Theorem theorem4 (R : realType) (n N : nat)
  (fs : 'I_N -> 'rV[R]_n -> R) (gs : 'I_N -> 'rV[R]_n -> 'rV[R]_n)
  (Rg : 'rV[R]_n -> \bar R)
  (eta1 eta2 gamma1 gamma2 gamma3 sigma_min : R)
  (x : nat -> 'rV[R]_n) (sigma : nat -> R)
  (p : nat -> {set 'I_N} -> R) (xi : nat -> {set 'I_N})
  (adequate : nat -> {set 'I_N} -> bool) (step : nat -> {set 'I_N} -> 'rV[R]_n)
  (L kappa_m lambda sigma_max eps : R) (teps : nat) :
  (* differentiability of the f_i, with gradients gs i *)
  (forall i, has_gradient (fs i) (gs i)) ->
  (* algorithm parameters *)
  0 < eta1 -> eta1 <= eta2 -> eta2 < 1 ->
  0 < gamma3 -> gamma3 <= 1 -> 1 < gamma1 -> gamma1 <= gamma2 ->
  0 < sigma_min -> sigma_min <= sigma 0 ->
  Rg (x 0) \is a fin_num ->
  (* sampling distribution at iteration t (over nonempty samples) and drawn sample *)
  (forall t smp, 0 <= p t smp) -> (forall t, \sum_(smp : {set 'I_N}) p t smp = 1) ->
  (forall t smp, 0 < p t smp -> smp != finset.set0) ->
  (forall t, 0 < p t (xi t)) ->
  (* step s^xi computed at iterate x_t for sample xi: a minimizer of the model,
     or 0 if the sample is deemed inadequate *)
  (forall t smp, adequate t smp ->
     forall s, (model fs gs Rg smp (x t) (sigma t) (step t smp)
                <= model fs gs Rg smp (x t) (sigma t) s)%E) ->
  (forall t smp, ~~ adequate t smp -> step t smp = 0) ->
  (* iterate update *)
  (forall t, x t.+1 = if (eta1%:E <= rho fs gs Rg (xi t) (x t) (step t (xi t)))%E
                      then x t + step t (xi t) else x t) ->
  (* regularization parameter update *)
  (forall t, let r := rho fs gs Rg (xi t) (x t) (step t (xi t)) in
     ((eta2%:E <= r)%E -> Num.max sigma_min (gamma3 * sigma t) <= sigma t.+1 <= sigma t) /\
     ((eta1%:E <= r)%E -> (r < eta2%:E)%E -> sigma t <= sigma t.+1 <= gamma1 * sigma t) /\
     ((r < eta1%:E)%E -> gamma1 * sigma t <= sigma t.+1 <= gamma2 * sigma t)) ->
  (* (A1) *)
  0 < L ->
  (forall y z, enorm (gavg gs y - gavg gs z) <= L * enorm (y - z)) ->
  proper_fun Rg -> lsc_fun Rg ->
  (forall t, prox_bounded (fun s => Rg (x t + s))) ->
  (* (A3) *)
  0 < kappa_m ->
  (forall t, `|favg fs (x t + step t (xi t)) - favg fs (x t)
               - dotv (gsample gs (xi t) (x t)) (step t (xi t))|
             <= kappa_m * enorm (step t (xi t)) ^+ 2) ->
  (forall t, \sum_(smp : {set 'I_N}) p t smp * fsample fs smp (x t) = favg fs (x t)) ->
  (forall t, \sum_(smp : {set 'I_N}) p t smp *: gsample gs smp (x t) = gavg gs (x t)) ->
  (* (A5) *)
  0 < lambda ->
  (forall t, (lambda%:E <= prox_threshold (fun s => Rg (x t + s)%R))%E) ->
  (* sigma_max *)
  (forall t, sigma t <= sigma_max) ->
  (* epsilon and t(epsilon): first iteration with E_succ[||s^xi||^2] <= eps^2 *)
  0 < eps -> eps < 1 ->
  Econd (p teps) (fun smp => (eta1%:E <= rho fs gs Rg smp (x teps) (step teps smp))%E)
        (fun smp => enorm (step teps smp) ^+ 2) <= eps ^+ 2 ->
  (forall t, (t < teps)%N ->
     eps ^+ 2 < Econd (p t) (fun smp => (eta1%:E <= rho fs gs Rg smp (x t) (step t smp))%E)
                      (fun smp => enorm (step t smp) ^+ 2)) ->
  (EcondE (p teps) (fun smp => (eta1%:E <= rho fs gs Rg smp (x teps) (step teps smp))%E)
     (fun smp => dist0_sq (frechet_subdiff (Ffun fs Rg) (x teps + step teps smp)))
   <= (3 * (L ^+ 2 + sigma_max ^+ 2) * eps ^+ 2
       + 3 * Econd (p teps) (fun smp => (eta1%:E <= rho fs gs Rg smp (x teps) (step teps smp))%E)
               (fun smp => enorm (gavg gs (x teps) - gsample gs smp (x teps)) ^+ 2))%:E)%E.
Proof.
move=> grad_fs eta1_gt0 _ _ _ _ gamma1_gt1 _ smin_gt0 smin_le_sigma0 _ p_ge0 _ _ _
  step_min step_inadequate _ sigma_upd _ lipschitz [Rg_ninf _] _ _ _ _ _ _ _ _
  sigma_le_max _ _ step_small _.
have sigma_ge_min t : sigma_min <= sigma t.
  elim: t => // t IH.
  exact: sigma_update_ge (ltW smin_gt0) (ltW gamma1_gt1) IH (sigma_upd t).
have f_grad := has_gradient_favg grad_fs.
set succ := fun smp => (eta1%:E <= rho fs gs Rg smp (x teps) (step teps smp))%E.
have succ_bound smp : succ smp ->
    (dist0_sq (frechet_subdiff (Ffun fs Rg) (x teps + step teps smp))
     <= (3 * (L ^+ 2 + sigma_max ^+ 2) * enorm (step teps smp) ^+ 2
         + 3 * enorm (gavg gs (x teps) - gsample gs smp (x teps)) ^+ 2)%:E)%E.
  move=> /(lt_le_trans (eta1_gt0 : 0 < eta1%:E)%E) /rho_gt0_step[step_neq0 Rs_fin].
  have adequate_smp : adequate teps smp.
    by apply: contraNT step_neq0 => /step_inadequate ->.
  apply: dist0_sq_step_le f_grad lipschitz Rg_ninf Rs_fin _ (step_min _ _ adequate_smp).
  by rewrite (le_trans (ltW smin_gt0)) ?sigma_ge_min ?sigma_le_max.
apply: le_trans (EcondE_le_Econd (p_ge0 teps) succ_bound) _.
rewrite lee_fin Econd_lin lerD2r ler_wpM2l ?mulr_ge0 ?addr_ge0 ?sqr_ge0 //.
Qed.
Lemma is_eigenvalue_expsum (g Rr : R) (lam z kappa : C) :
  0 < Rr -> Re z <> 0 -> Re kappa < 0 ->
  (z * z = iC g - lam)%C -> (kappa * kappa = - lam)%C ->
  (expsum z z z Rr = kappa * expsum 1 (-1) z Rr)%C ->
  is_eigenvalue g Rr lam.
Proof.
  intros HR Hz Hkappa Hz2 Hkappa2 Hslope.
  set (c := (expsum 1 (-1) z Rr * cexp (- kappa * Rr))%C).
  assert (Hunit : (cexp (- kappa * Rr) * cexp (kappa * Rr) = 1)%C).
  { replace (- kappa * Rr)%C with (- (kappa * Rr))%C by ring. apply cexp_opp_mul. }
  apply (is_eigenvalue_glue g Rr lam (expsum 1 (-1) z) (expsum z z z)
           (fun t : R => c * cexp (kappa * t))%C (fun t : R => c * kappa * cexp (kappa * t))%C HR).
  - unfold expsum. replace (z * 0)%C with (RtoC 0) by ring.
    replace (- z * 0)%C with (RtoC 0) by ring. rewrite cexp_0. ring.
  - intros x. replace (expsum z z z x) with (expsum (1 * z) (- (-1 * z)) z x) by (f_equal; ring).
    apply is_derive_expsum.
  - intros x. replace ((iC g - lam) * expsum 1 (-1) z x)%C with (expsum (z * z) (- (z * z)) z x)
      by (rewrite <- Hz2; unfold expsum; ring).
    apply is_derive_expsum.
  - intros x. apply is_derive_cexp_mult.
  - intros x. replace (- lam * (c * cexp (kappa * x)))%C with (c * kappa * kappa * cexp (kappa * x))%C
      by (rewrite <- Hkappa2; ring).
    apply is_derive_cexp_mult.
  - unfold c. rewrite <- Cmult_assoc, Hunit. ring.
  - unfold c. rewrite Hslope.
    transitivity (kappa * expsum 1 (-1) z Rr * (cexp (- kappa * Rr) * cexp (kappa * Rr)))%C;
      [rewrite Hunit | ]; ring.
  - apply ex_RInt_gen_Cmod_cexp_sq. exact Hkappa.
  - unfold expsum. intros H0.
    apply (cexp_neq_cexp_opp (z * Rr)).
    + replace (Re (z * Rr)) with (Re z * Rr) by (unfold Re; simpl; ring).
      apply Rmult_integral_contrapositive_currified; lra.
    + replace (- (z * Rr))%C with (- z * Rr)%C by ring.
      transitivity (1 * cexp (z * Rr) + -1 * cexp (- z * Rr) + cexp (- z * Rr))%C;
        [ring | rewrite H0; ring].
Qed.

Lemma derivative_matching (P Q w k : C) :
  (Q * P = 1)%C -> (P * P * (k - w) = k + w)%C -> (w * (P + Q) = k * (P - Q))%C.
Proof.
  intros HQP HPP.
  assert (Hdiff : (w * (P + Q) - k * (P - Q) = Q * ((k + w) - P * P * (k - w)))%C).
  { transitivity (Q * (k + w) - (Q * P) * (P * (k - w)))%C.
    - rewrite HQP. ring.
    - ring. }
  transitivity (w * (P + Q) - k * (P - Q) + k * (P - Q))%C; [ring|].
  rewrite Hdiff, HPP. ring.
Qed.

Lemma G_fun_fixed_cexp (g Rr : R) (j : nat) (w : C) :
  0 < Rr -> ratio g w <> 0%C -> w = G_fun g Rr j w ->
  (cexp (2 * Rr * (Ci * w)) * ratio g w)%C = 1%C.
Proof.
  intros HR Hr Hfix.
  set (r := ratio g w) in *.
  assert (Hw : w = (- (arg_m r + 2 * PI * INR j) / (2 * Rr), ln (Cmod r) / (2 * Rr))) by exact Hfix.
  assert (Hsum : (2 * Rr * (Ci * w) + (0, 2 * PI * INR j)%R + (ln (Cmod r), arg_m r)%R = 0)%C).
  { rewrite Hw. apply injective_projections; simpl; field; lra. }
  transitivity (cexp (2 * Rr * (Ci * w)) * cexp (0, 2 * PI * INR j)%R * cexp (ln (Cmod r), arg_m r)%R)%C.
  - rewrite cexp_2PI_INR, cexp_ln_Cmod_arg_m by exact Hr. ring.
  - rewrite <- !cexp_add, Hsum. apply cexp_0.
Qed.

····················

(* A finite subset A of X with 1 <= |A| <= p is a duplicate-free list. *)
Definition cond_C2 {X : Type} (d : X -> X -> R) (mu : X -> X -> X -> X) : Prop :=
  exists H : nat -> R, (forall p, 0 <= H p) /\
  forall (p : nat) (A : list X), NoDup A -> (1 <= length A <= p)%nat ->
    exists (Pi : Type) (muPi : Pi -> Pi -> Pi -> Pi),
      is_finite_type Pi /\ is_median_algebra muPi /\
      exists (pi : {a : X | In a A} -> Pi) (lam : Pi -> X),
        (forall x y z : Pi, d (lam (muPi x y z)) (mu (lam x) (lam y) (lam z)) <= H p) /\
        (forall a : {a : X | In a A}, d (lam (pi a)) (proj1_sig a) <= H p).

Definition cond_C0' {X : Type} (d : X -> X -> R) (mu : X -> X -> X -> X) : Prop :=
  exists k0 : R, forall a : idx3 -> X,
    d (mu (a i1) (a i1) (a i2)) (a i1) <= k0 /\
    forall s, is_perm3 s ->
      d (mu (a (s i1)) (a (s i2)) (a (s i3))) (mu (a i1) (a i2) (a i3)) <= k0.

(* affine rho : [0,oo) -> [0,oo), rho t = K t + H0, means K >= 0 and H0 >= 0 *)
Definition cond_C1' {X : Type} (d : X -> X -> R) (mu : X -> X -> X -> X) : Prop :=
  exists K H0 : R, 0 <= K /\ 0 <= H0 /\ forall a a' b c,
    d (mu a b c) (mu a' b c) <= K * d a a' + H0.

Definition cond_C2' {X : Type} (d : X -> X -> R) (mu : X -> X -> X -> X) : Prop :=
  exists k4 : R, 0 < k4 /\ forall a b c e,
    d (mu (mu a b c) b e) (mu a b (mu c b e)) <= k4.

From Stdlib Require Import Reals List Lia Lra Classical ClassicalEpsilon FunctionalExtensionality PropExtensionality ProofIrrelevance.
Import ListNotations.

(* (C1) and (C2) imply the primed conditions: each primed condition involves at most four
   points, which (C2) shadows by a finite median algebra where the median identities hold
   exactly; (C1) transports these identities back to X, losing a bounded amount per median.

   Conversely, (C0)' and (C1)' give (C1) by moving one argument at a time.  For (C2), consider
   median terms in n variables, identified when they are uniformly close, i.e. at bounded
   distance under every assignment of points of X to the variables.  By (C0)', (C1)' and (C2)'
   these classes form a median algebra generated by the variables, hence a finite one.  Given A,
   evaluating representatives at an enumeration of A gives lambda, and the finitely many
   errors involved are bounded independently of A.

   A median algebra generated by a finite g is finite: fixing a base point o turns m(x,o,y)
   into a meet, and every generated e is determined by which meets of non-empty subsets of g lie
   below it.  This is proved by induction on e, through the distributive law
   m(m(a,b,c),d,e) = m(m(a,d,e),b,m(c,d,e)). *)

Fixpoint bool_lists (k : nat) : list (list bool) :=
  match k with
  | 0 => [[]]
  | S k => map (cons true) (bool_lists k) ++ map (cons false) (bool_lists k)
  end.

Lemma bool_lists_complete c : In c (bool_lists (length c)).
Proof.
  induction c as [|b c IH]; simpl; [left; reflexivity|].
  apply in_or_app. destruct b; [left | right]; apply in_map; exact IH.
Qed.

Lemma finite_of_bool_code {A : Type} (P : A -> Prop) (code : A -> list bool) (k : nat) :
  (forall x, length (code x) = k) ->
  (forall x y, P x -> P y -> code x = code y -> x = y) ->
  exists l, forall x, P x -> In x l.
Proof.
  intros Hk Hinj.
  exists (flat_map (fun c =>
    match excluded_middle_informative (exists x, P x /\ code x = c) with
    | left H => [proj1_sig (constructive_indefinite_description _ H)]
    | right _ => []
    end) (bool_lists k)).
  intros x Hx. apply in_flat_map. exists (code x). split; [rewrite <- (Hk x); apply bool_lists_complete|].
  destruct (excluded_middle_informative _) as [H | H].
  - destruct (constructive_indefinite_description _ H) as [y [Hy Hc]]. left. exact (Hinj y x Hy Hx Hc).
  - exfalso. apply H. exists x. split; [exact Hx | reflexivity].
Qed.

····················

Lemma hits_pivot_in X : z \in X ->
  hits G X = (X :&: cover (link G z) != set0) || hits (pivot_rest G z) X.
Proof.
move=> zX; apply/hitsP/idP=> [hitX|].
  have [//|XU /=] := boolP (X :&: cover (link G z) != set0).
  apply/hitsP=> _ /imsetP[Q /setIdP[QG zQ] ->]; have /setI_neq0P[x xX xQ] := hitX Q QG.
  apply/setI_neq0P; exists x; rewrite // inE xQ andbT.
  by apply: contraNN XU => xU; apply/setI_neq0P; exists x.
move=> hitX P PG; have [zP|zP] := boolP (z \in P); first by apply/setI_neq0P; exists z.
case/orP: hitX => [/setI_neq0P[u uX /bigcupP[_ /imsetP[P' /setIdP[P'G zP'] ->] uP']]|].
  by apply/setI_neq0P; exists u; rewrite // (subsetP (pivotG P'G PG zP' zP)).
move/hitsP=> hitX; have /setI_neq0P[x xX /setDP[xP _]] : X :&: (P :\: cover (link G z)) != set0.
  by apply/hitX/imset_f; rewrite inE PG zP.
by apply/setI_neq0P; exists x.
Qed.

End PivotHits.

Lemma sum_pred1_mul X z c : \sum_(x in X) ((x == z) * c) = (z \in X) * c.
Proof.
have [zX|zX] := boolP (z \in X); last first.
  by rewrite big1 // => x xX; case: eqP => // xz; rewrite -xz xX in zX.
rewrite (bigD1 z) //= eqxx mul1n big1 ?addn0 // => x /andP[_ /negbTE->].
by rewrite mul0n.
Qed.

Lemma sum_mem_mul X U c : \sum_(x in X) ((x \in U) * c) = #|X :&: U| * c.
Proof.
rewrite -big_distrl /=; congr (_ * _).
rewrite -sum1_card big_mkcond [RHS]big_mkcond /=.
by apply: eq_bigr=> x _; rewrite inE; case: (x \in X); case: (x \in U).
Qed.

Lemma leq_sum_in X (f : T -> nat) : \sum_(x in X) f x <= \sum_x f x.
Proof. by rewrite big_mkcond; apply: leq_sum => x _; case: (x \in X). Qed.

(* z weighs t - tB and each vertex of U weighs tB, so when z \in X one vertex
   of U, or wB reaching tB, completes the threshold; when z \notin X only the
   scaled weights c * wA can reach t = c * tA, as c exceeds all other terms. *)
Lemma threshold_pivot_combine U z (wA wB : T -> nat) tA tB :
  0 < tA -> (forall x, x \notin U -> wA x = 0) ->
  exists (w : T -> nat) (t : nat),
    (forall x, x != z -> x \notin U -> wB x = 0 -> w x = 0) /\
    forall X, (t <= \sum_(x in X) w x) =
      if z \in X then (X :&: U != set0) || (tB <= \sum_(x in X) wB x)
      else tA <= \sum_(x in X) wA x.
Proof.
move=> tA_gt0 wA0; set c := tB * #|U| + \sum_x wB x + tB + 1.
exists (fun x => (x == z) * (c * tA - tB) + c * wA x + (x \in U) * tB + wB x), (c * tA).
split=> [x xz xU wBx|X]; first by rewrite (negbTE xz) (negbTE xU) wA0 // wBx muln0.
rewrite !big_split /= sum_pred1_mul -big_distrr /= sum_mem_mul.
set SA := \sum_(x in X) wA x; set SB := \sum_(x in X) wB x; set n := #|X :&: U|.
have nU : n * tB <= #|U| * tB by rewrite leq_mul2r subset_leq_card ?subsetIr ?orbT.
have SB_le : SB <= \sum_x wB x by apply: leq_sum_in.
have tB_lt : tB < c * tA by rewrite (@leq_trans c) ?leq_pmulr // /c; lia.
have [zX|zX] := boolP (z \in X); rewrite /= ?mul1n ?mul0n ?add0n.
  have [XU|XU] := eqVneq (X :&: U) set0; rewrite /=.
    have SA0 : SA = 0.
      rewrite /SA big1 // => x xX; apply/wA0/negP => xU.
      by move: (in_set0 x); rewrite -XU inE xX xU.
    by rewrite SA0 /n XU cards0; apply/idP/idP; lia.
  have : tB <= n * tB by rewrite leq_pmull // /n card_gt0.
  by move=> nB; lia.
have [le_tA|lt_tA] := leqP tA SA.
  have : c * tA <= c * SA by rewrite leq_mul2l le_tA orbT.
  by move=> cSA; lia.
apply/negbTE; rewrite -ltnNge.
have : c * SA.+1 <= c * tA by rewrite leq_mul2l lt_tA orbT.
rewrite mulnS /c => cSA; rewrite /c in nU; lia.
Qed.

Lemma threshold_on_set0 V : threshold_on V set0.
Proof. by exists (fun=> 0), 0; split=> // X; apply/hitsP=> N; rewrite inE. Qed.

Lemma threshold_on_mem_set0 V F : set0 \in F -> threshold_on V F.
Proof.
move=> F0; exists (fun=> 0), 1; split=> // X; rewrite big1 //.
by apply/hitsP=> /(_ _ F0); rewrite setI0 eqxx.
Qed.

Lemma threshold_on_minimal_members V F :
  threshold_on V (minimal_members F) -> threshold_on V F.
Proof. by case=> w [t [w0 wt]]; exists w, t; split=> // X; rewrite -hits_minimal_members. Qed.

····················

▶ ASSIGNMENT: Exact duplication is required for the lines above, from the line that contains "(x : nat -> 'rV[R]_n) (sigma : nat -> R)" to the line that contains "((eta2%:E <= r)%E", inclusive; omit all others.

▶ FINAL ANSWER:
  (x : nat -> 'rV[R]_n) (sigma : nat -> R)
  (p : nat -> {set 'I_N} -> R) (xi : nat -> {set 'I_N})
  (adequate : nat -> {set 'I_N} -> bool) (step : nat -> {set 'I_N} -> 'rV[R]_n)
  (L kappa_m lambda sigma_max eps : R) (teps : nat) :
  (* differentiability of the f_i, with gradients gs i *)
  (forall i, has_gradient (fs i) (gs i)) ->
  (* algorithm parameters *)
  0 < eta1 -> eta1 <= eta2 -> eta2 < 1 ->
  0 < gamma3 -> gamma3 <= 1 -> 1 < gamma1 -> gamma1 <= gamma2 ->
  0 < sigma_min -> sigma_min <= sigma 0 ->
  Rg (x 0) \is a fin_num ->
  (* sampling distribution at iteration t (over nonempty samples) and drawn sample *)
  (forall t smp, 0 <= p t smp) -> (forall t, \sum_(smp : {set 'I_N}) p t smp = 1) ->
  (forall t smp, 0 < p t smp -> smp != finset.set0) ->
  (forall t, 0 < p t (xi t)) ->
  (* step s^xi computed at iterate x_t for sample xi: a minimizer of the model,
     or 0 if the sample is deemed inadequate *)
  (forall t smp, adequate t smp ->
     forall s, (model fs gs Rg smp (x t) (sigma t) (step t smp)
                <= model fs gs Rg smp (x t) (sigma t) s)%E) ->
  (forall t smp, ~~ adequate t smp -> step t smp = 0) ->
  (* iterate update *)
  (forall t, x t.+1 = if (eta1%:E <= rho fs gs Rg (xi t) (x t) (step t (xi t)))%E
                      then x t + step t (xi t) else x t) ->
  (* regularization parameter update *)
  (forall t, let r := rho fs gs Rg (xi t) (x t) (step t (xi t)) in
     ((eta2%:E <= r)%E -> Num.max sigma_min (gamma3 * sigma t) <= sigma t.+1 <= sigma t) /\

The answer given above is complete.